Top of Data shown

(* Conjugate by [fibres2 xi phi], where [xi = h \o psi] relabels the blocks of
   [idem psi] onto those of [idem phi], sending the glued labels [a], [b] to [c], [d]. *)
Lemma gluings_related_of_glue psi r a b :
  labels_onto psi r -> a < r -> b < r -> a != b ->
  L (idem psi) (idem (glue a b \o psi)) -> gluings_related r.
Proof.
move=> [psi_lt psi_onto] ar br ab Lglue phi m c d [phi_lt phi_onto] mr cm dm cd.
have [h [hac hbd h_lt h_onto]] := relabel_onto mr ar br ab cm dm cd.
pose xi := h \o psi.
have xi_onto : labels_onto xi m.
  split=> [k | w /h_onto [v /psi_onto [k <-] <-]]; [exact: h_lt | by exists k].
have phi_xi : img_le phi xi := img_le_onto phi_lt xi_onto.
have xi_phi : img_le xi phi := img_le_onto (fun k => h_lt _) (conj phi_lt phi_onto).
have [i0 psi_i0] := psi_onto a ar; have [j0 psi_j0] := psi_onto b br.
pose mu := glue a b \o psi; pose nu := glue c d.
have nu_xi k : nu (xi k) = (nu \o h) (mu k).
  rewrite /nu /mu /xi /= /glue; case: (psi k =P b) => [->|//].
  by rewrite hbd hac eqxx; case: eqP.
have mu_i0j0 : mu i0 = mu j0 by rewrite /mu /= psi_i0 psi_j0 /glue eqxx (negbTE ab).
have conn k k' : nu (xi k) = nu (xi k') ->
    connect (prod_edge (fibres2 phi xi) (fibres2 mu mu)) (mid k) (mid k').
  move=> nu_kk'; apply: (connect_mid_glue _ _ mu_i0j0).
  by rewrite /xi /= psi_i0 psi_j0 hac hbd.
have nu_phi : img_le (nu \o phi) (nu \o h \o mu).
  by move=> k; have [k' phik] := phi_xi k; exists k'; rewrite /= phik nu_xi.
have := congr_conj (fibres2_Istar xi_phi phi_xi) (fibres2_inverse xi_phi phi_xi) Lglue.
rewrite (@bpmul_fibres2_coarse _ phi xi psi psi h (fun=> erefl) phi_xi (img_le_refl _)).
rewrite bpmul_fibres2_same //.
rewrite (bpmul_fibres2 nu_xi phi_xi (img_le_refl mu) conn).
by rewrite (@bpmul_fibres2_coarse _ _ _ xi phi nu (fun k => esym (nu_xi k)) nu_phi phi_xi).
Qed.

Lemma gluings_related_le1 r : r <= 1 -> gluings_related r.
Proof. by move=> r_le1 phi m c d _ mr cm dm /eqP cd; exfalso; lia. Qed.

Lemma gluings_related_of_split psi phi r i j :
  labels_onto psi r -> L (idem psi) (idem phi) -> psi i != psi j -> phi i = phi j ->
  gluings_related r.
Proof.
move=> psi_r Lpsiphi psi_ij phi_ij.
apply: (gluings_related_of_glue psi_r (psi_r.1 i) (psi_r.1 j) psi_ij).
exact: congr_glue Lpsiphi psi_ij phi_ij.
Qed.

Bottom of Data shown
Top of Data shown

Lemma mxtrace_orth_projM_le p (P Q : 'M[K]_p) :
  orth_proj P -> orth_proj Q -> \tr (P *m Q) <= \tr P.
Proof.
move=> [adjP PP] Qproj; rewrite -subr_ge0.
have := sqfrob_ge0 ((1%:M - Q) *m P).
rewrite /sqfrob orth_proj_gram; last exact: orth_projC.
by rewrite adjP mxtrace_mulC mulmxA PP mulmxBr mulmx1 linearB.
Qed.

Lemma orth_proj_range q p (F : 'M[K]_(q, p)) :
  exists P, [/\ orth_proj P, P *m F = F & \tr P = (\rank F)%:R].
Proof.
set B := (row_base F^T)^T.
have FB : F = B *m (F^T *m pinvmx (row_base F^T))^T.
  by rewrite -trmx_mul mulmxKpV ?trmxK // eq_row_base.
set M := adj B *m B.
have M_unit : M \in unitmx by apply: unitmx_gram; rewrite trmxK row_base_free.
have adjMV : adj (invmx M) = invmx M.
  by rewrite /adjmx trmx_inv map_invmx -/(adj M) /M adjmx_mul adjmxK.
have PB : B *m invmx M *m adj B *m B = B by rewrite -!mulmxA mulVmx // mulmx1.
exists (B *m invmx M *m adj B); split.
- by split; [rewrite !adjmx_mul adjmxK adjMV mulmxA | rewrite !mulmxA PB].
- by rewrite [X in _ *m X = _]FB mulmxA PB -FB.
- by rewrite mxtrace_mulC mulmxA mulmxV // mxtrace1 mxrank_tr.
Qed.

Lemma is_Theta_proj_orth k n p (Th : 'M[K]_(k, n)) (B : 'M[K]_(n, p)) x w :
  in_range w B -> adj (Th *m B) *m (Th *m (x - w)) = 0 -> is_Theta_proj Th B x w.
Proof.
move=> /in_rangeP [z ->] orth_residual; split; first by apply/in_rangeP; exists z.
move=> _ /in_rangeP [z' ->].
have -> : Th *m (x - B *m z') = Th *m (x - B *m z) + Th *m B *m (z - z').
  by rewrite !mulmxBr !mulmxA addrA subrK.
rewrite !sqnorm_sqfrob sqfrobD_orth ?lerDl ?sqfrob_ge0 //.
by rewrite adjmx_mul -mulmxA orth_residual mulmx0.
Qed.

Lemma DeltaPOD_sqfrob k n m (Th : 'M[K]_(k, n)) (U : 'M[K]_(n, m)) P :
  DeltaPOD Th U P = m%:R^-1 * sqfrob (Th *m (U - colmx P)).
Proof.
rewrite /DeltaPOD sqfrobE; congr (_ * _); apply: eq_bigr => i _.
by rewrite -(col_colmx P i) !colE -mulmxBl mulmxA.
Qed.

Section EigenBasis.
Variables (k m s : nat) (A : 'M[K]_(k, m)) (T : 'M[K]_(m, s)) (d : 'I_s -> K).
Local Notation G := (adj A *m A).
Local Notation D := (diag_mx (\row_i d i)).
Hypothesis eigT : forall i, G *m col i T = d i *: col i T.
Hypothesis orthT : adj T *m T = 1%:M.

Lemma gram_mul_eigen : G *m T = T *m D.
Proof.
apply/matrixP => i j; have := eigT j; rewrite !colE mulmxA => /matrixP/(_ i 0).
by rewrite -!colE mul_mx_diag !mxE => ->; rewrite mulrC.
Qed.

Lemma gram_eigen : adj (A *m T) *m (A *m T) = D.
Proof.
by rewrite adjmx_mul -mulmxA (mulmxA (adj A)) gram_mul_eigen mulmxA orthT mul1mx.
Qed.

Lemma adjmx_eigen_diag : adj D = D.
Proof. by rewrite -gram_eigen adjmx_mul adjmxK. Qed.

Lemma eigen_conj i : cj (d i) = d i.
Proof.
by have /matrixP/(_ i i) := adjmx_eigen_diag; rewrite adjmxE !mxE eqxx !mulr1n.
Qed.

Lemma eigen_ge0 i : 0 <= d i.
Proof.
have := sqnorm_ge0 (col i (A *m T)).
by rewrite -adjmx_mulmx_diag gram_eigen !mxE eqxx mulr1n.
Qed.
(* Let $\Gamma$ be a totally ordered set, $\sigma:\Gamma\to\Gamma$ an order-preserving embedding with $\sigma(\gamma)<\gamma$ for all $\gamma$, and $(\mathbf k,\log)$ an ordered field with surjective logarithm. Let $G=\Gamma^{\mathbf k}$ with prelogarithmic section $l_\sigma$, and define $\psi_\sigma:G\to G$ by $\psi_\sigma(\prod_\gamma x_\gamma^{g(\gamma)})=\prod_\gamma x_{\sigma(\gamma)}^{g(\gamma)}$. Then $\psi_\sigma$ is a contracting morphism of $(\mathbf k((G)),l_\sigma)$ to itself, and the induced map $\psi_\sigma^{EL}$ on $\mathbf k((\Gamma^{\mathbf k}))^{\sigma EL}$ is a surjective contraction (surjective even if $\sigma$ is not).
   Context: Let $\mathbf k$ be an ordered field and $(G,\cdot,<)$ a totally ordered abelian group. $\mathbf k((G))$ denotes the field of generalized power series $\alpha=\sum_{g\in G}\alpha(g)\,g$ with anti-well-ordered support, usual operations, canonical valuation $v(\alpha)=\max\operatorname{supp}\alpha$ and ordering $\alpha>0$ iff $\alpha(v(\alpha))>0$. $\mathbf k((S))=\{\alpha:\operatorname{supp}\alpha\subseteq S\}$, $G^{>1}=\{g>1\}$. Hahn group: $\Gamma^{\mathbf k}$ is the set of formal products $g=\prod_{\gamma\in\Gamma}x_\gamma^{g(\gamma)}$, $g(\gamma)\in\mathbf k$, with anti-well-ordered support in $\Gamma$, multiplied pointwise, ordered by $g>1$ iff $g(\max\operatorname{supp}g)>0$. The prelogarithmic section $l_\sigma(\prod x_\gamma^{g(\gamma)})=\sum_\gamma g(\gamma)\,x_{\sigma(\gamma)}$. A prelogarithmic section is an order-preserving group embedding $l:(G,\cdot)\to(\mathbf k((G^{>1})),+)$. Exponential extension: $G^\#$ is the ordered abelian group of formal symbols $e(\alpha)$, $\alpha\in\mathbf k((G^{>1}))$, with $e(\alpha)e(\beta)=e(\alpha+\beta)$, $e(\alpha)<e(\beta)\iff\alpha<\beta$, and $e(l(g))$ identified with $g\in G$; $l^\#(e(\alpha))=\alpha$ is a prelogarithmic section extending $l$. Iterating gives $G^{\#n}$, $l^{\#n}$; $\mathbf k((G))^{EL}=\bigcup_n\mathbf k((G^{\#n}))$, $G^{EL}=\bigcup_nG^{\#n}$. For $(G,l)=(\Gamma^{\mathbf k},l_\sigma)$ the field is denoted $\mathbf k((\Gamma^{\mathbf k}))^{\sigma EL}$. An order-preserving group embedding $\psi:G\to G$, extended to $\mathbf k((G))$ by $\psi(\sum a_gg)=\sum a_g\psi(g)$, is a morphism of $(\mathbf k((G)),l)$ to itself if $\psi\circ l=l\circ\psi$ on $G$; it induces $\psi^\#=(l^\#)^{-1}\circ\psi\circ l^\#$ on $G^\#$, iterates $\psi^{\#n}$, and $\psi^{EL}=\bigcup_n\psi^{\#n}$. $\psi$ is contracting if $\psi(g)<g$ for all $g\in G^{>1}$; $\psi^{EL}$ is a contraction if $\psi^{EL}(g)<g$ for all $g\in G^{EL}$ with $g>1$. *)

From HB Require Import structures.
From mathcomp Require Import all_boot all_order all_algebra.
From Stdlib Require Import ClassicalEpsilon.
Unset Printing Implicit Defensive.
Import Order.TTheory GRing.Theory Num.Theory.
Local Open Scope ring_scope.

Bottom of Data shown

### Problem details
Give back, word for word, only the lines above from the line holding "have [i0 psi_i0]" to the line holding "rewrite (@bpmul_fibres2_coarse _ phi", both included.

### Output
have [i0 psi_i0] := psi_onto a ar; have [j0 psi_j0] := psi_onto b br.
pose mu := glue a b \o psi; pose nu := glue c d.
have nu_xi k : nu (xi k) = (nu \o h) (mu k).
  rewrite /nu /mu /xi /= /glue; case: (psi k =P b) => [->|//].
  by rewrite hbd hac eqxx; case: eqP.
have mu_i0j0 : mu i0 = mu j0 by rewrite /mu /= psi_i0 psi_j0 /glue eqxx (negbTE ab).
have conn k k' : nu (xi k) = nu (xi k') ->
    connect (prod_edge (fibres2 phi xi) (fibres2 mu mu)) (mid k) (mid k').
  move=> nu_kk'; apply: (connect_mid_glue _ _ mu_i0j0).
  by rewrite /xi /= psi_i0 psi_j0 hac hbd.
have nu_phi : img_le (nu \o phi) (nu \o h \o mu).
  by move=> k; have [k' phik] := phi_xi k; exists k'; rewrite /= phik nu_xi.
have := congr_conj (fibres2_Istar xi_phi phi_xi) (fibres2_inverse xi_phi phi_xi) Lglue.
rewrite (@bpmul_fibres2_coarse _ phi xi psi psi h (fun=> erefl) phi_xi (img_le_refl _)).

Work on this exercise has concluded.